Heidelberg TLC pPW06.png

pPW09 (Pro-Leu-Ind)

Though restriction-digest and screening-PCRs were positive, there was one (always the same) mutation occuring in the primer area at the beginning of the construct. There was a guanine being deleted in all of the cases, which lead to a frameshift. As this occured for multiple clones, we believe that the fragments used in Gibson Assembly already carry the mutation and new fragments should be amplified.

pPW10 (Pro-Leu-Val-Ind)

The exact same thing as for pPW09 accounts for pPW10. Hence the procedure will be the same.

pPW11 (Phe-Orn-Leu-Ind)

There were several minipreps sequenced, however, none of them contained the Tyrocidine part of the construct, but only the C-domain and Indigoidine, hence further colonies were picked, screened with colony PCR, grown overnight, miniprepped and restriction digested with EcoRI.

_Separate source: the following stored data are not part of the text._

(* Let $m\ge1$, $q=2^m$, $n=3$, and let $L(x)=ax+bx^q+cx^{q^2}$ with $a,b,c\in\mathbb F_{q^3}$ and $L(1)=0$. Then \[|\ker\mathrm{Tr}\cap\ker L^\prime|=\begin{cases}1&\text{if }\mathrm{Tr}(a^{q+1}+a^qb+b^{q+1})\ne0,\\ q^2&\text{if }a+b^{q^2}=a+c^q=0,\\ q&\text{otherwise}.\end{cases}\]
   Context: $\mathrm{Tr}(x)=x+x^q+x^{q^2}$ is the trace map of $\mathbb F_{q^3}$ over $\mathbb F_q$. For a $2$-linear polynomial $L(x)=\sum_j a_jx^{2^j}$ over $\mathbb F_{q^3}$, its adjoint is $L^\prime(x)=\sum_j(a_jx)^{2^{-j}}$, where $y\mapsto y^{2^{-j}}$ is the inverse of $y\mapsto y^{2^j}$ on $\mathbb F_{q^3}$; here $L'(x)=ax+(bx)^{q^2}+(cx)^{q}$. $\ker$ denotes the kernel of an additive map on $\mathbb F_{q^3}$. *)

From HB Require Import structures.
From mathcomp Require Import all_boot all_order all_algebra all_field.
Set Implicit Arguments. Unset Strict Implicit. Unset Printing Implicit Defensive.
Import GRing.Theory.
Local Open Scope ring_scope.

(* F plays the role of F_{q^3}, q = 2^m (imposed by #|F| = 2^(3m) in the theorem). *)
Definition Tr (F : finFieldType) (q : nat) (x : F) : F :=
  x + x ^+ q + x ^+ (q ^ 2)%N.

Definition Ladj (F : finFieldType) (q : nat) (a b c x : F) : F :=
  a * x + (b * x) ^+ (q ^ 2)%N + (c * x) ^+ q.

Definition Lpoly (F : finFieldType) (q : nat) (a b c x : F) : F :=
  a * x + b * x ^+ q + c * x ^+ (q ^ 2)%N.

From HB Require Import structures.
From mathcomp Require Import all_boot all_order all_algebra all_field.
From mathcomp Require Import ring zify.
Import GRing.Theory.
Local Open Scope ring_scope.

(* Write A = a + b^(q^2) and B = b^(q^2) + c^q, where c = a + b in characteristic
   2. On ker Tr one has x^(q^2) = x + x^q, so L'(x) = A x + B x^q there, and the
   trace in the statement equals B^(q+1) + A B^q + A^(q+1). If A = B = 0 the set
   is ker Tr, of size q^2. Otherwise this form, times x, vanishes on the set, so
   the set is {0} unless the form is 0; in that case B <> 0 and the set is
   {x | x^q = l x} with l = A/B of norm 1. That set has at most q elements (roots
   of a polynomial of degree q) and at least q, since it contains the image of
   the Hilbert 90 map, whose kernel has at most q^2 elements. *)

Lemma card_le_of_roots (R : finIdomainType) (S : {set R}) (n : nat) (r : {poly R}) :
  (size r <= n)%N -> {in S, forall x, root ('X^n + r) x} -> (#|S| <= n)%N.
Proof.
move=> size_r rootS.
have size_p : size ('X^n + r) = n.+1 by rewrite size_polyDl size_polyXn.
have p_neq0 : 'X^n + r != 0 by rewrite -size_poly_eq0 size_p.
rewrite -ltnS -size_p cardE; apply: max_poly_roots p_neq0 _ (enum_uniq _).
by apply/allP => x; rewrite mem_enum; apply: rootS.
Qed.

Lemma card_le_ker_mul_img {G H : finZmodType} {f : G -> H} {I : {set H}} :
  {morph f : x y / x - y} -> (forall x, f x \in I) ->
  (#|G| <= #|[set x | f x == 0%R]| * #|I|)%N.
Proof.
move=> fB fI.
pose pre y := odflt 0 [pick z | f z == y].
have f_pre x : f (pre (f x)) = f x.
  by rewrite /pre; case: pickP => [z /eqP //|/(_ x)]; rewrite eqxx.
pose h x := (x - pre (f x), f x).
have h_inj : injective h by move=> x y [+ fxy]; rewrite fxy => /addIr.
rewrite -cardsX -cardsT -(card_imset _ h_inj).
apply: subset_leq_card; apply/subsetP => _ /imsetP [x _ ->].
by rewrite !inE fB f_pre subrr eqxx fI.
Qed.

Section FieldOfOrderQCubed.
Context {F : finFieldType} {m : nat}.
Hypotheses (m_gt0 : (0 < m)%N) (cardF : #|F| = (2 ^ (3 * m))%N).
Local Notation q := (2 ^ m)%N.

Lemma pchar2_F : 2%N \in [pchar F].
Proof. exact: (card_finPcharP cardF). Qed.

Lemma q_gt1 : (1 < q)%N.
Proof. by rewrite -{1}(expn0 2) ltn_exp2l. Qed.

Lemma cardF_q : #|F| = (q ^ 2 * q)%N.
Proof. by rewrite cardF -expnM -expnD; congr expn; ring. Qed.

Lemma frobD (x y : F) : (x + y) ^+ q = x ^+ q + y ^+ q.
Proof.
apply: exprDn_pchar; rewrite (eq_pnat _ (pcharf_eq pchar2_F)) pnatX.
by rewrite pnat_id.
Qed.

Lemma frobB (x y : F) : (x - y) ^+ q = x ^+ q - y ^+ q.
Proof. by rewrite !(oppr_pchar2 pchar2_F) frobD. Qed.

Lemma frob_eq0 (x : F) : (x ^+ q == 0) = (x == 0).
Proof. by rewrite expf_eq0 expn_gt0. Qed.

Lemma frob0 : (0 : F) ^+ q = 0.
Proof. by apply/eqP; rewrite frob_eq0. Qed.

Lemma frob3 (x : F) : x ^+ q ^+ q ^+ q = x.
Proof.
rewrite -!exprM -[RHS]expf_card cardF -!expnD; congr (_ ^+ (2 ^ _)); ring.
Qed.

Lemma expr_q2 (x : F) : x ^+ (q ^ 2)%N = x ^+ q ^+ q.
Proof. by rewrite -exprM mulnn. Qed.

Lemma TrE (x : F) : Tr q x = x + x ^+ q + x ^+ q ^+ q.
Proof. by rewrite /Tr expr_q2. Qed.

Lemma TrB (x y : F) : Tr q (x - y) = Tr q x - Tr q y.
Proof. by rewrite !TrE !frobB; ring. Qed.

Lemma Tr_frob (x : F) : Tr q x ^+ q = Tr q x.
Proof. by rewrite !TrE !frobD frob3; ring. Qed.

Lemma kerTr_frob2 (x : F) : Tr q x = 0 -> x ^+ q ^+ q = x + x ^+ q.
Proof.
rewrite TrE => /eqP.
by rewrite (addr_eq0 _ (_ ^+ q ^+ q)) (oppr_pchar2 pchar2_F) => /eqP.
Qed.

Definition frob_eigen (l : F) := [set x : F | x ^+ q == l * x].

Lemma card_frob_eigen_le (l : F) : (#|frob_eigen l| <= q)%N.
Proof.
apply: (@card_le_of_roots _ _ _ (- (l *: 'X))).
  by rewrite size_polyN (leq_trans (size_scale_leq _ _)) // size_polyX q_gt1.
move=> x; rewrite inE => /eqP x_eigen.
by rewrite /root hornerD hornerN hornerZ hornerXn hornerX x_eigen subrr.
Qed.

Lemma card_kerTr : #|[set x : F | Tr q x == 0]| = (q ^ 2)%N.
Proof.
have q_le_q2 : (q.+1 <= q ^ 2)%N by have := q_gt1; nia.
apply/eqP; rewrite eqn_leq; apply/andP; split.
  apply: (@card_le_of_roots _ _ _ ('X^q + 'X)).
    rewrite (leq_trans (size_polyD _ _)) // size_polyXn size_polyX.
    by have := q_gt1; nia.
  move=> x; rewrite inE => /eqP Tr_x.
  rewrite /root !(hornerD, hornerXn, hornerX) expr_q2 -Tr_x TrE.
  by apply/eqP; ring.
have TrF_q x : Tr q x \in frob_eigen 1 by rewrite inE mul1r Tr_frob.
have := card_le_ker_mul_img TrB TrF_q.
move/leq_trans/(_ (leq_mul (leqnn _) (card_frob_eigen_le 1))).
by rewrite cardF_q leq_pmul2r // ltnW // q_gt1.
Qed.

Definition frob_norm (l : F) := l * l ^+ q * l ^+ q ^+ q.

(* The F_q-linear map from the usual proof of Hilbert's Theorem 90. *)
Definition hilbert90 (l y : F) :=
  y ^+ q ^+ q + l ^+ q ^+ q * y ^+ q + l ^+ q ^+ q * l ^+ q * y.

Lemma hilbert90_frob (l y : F) :
  frob_norm l = 1 -> hilbert90 l y ^+ q = l * hilbert90 l y.
Proof.
move=> norm_l.
transitivity (l * hilbert90 l y + (1 - frob_norm l) * y).
  by rewrite /hilbert90 /frob_norm !frobD !exprMn !frob3; ring.
by rewrite norm_l subrr mul0r addr0.
Qed.

Lemma card_frob_eigen (l : F) : frob_norm l = 1 -> #|frob_eigen l| = q.
Proof.
move=> norm_l; apply/eqP; rewrite eqn_leq card_frob_eigen_le /=.
have h90B : {morph hilbert90 l : y z / y - z}.
  by move=> y z; rewrite /hilbert90 !frobB; ring.
have h90_eigen y : hilbert90 l y \in frob_eigen l.
  by rewrite inE hilbert90_frob.
have ker_le : (#|[set y | hilbert90 l y == 0%R]| <= q ^ 2)%N.
  pose r := l ^+ q ^+ q *: 'X^q + (l ^+ q ^+ q * l ^+ q) *: 'X.
  apply: (@card_le_of_roots _ _ _ r).
    rewrite (leq_trans (size_polyD _ _)) // geq_max.
    rewrite !(leq_trans (size_scale_leq _ _)) // ?size_polyXn ?size_polyX;
      by have := q_gt1; nia.
  move=> y; rewrite inE => /eqP h90_y.
  rewrite /root !(hornerD, hornerZ, hornerXn, hornerX) expr_q2 -h90_y.
  by rewrite /hilbert90; apply/eqP; ring.
have := card_le_ker_mul_img h90B h90_eigen.
move/leq_trans/(_ (leq_mul ker_le (leqnn _))).
by rewrite cardF_q leq_pmul2l // !expn_gt0.
Qed.

Lemma frob_norm_eq1 (l : F) : 1 + l + l * l ^+ q = 0 -> frob_norm l = 1.
Proof.
move=> l_root.
have l_root_q : 1 + l ^+ q + l ^+ q * l ^+ q ^+ q = 0.
  by move/eqP: l_root; rewrite -frob_eq0 !frobD expr1n exprMn => /eqP.
transitivity ((1 + l + l * l ^+ q) + l * (1 + l ^+ q + l ^+ q * l ^+ q ^+ q) - 1
              - 2%:R * (l + l * l ^+ q)).
  by rewrite /frob_norm; ring.
rewrite l_root l_root_q (pcharf0 pchar2_F) mulr0 mul0r !add0r subr0.
by rewrite (oppr_pchar2 pchar2_F).
Qed.

Definition kerTr_adj (A B : F) :=
  [set x : F | (Tr q x == 0) && (A * x + B * x ^+ q == 0)].

Definition trace_form (A B : F) := B * B ^+ q + A * B ^+ q + A * A ^+ q.

Lemma trace_form_mul_kerTr_adj (A B x : F) :
  x \in kerTr_adj A B -> trace_form A B * x = 0.
Proof.
rewrite inE (addr_eq0 (A * x)) (oppr_pchar2 pchar2_F).
move=> /andP [/eqP/kerTr_frob2 x_q2 /eqP x_q].
have x_q' : A ^+ q * x ^+ q = B ^+ q * (x + x ^+ q).
  by rewrite -x_q2 -!exprMn x_q.
(* The second bracket is the defining equation of the set, the first its q-th
   power rewritten with x^(q^2) = x + x^q; the last term has coefficient 2. *)
transitivity (B * (B ^+ q * (x + x ^+ q) - A ^+ q * x ^+ q)
   + (A ^+ q - B ^+ q) * (B * x ^+ q - A * x) + 2%:R * (A * A ^+ q * x)).
  by rewrite /trace_form; ring.
by rewrite x_q' x_q !subrr (pcharf0 pchar2_F) !mulr0 mul0r !addr0.
Qed.

Lemma frob_root_div (A B : F) :
  B != 0 -> trace_form A B = 0 -> 1 + A / B + A / B * (A / B) ^+ q = 0.
Proof.
move=> B_neq0 P_eq0; have Bq_neq0 : B ^+ q != 0 by rewrite frob_eq0.
apply: (mulfI (mulf_neq0 B_neq0 Bq_neq0)).
by rewrite mulr0 -P_eq0 /trace_form exprMn exprVn; field; rewrite B_neq0 Bq_neq0.
Qed.

Lemma kerTr_adj_eigen (A B : F) :
  B != 0 -> trace_form A B = 0 -> kerTr_adj A B = frob_eigen (A / B).
Proof.
move=> B_neq0 P_eq0; apply/setP => x; rewrite !inE.
have adj_eigen : (A * x + B * x ^+ q == 0) = (x ^+ q == A / B * x).
  have -> : A * x + B * x ^+ q = B * (x ^+ q + A / B * x) by field.
  by rewrite mulf_eq0 (negbTE B_neq0) addr_eq0 (oppr_pchar2 pchar2_F).
rewrite adj_eigen andb_idl // => /eqP x_eigen.
apply/eqP; rewrite TrE x_eigen exprMn x_eigen.
by rewrite -[RHS](mul0r x) -(frob_root_div _ _ B_neq0 P_eq0); ring.
Qed.

Lemma card_kerTr_adj (A B : F) :
  #|kerTr_adj A B| =
    if trace_form A B != 0 then 1%N
    else if (A == 0) && (B == 0) then (q ^ 2)%N
    else q.
Proof.
have [P_eq0 | P_neq0] := eqVneq (trace_form A B) 0; rewrite /=; last first.
  suff -> : kerTr_adj A B = [set 0] by rewrite cards1.
  apply/setP => x; rewrite in_set1.
  apply/idP/eqP => [/trace_form_mul_kerTr_adj/eqP | ->].
    by rewrite mulf_eq0 (negbTE P_neq0) => /eqP.
  by rewrite inE TrE !frob0 !mulr0 !addr0 eqxx.
have [B_eq0 | B_neq0] := eqVneq B 0.
  have A_eq0 : A = 0.
    move/eqP: P_eq0; rewrite /trace_form B_eq0 frob0 !mulr0 !add0r.
    by rewrite mulf_eq0 frob_eq0 orbb => /eqP.
  rewrite A_eq0 B_eq0 eqxx -card_kerTr; apply: eq_card => x.
  by rewrite !inE !mul0r addr0 eqxx andbT.
rewrite andbF kerTr_adj_eigen // card_frob_eigen //.
exact/frob_norm_eq1/frob_root_div.
Qed.

Lemma Lpoly1_eq0 (a b c : F) : Lpoly q a b c 1 = 0 -> c = a + b.
Proof.
rewrite /Lpoly !expr1n !mulr1 => /eqP.
by rewrite addr_eq0 (oppr_pchar2 pchar2_F) => /eqP.
Qed.

Lemma kerTr_Ladj (a b : F) :
  [set x | (Tr q x == 0) && (Ladj q a b (a + b) x == 0)] =
    kerTr_adj (a + b ^+ q ^+ q) (b ^+ q ^+ q + (a + b) ^+ q).
Proof.
apply/setP => x; rewrite !inE; apply: andb_id2l => /eqP/kerTr_frob2 x_q2.
by rewrite /Ladj expr_q2 !exprMn x_q2; congr (_ == 0); ring.
Qed.

Lemma Tr_quadratic (a b : F) :
  Tr q (a ^+ q.+1 + a ^+ q * b + b ^+ q.+1) =
    trace_form (a + b ^+ q ^+ q) (b ^+ q ^+ q + (a + b) ^+ q).
Proof.
transitivity (trace_form (a + b ^+ q ^+ q) (b ^+ q ^+ q + (a + b) ^+ q)
  - 2%:R * (b * b ^+ q ^+ q + a ^+ q ^+ q * b ^+ q ^+ q + b ^+ q ^+ q * b ^+ q ^+ q
            + a ^+ q * b ^+ q ^+ q + a * b)).
  by rewrite TrE /trace_form !exprS !frobD !exprMn !frob3; ring.
by rewrite (pcharf0 pchar2_F) mul0r subr0.
Qed.

Lemma Ladj_coef_eq0 (a b : F) :
  (a + b ^+ (q ^ 2)%N == 0) && (a + (a + b) ^+ q == 0) =
    (a + b ^+ q ^+ q == 0) && (b ^+ q ^+ q + (a + b) ^+ q == 0).
Proof.
have -> : a + (a + b) ^+ q = (a + b ^+ q ^+ q) + (b ^+ q ^+ q + (a + b) ^+ q).
  by rewrite addrA (addrK_pchar2 pchar2_F).
by rewrite expr_q2; case: eqP => // ->; rewrite add0r.
Qed.

End FieldOfOrderQCubed.

Theorem mainTheorem4 (m : nat) (F : finFieldType) (a b c : F) :
  (1 <= m)%N ->
  #|F| = (2 ^ (3 * m))%N ->
  Lpoly (2 ^ m) a b c 1 = 0 ->
  let q := (2 ^ m)%N in
  #|[set x : F | (Tr q x == 0) && (Ladj q a b c x == 0)]| =
    (if Tr q (a ^+ q.+1 + a ^+ q * b + b ^+ q.+1) != 0 then 1%N
     else if (a + b ^+ (q ^ 2)%N == 0) && (a + c ^+ q == 0) then (q ^ 2)%N
     else q).
Proof.
move=> m_gt0 cardF /(Lpoly1_eq0 cardF) -> q.
rewrite /q (kerTr_Ladj cardF) (Tr_quadratic cardF) (Ladj_coef_eq0 cardF).
exact: card_kerTr_adj m_gt0 cardF _ _.
Qed.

pPW12 (Phe-Orn-Leu-Val-Ind)

As pPW12 was yet not screened or sequenced, colonies were picked and treated the same as the samples for pPW11.

Colony PCRs for pPW11 and pPW12

Restriction digest with EcoRI leads to the expected linearized product for all samples but pPW12G

Heidelberg COLPCR 11 12 Tyc-part.png Heidelberg COLPCR 11 12 Ind-part.png

The left image shows a screening for the Tyc-part (VF2 and IK17), the right one the screening for the Ind-part (KH05 and VR). Samples that were kept for further analysis are: pPW11D and pPW11F (as they are positive for both modules) and pPW12A, pPW12E and pPW12G as the colonies were small and hence the negative result could be due to missing template. In restriction digest however, only pPW11D, pPW11F, pPW12A and pPW12E showed a band at the expected size. The samples were transformed into BAP-I, grown in liquid culture and induced.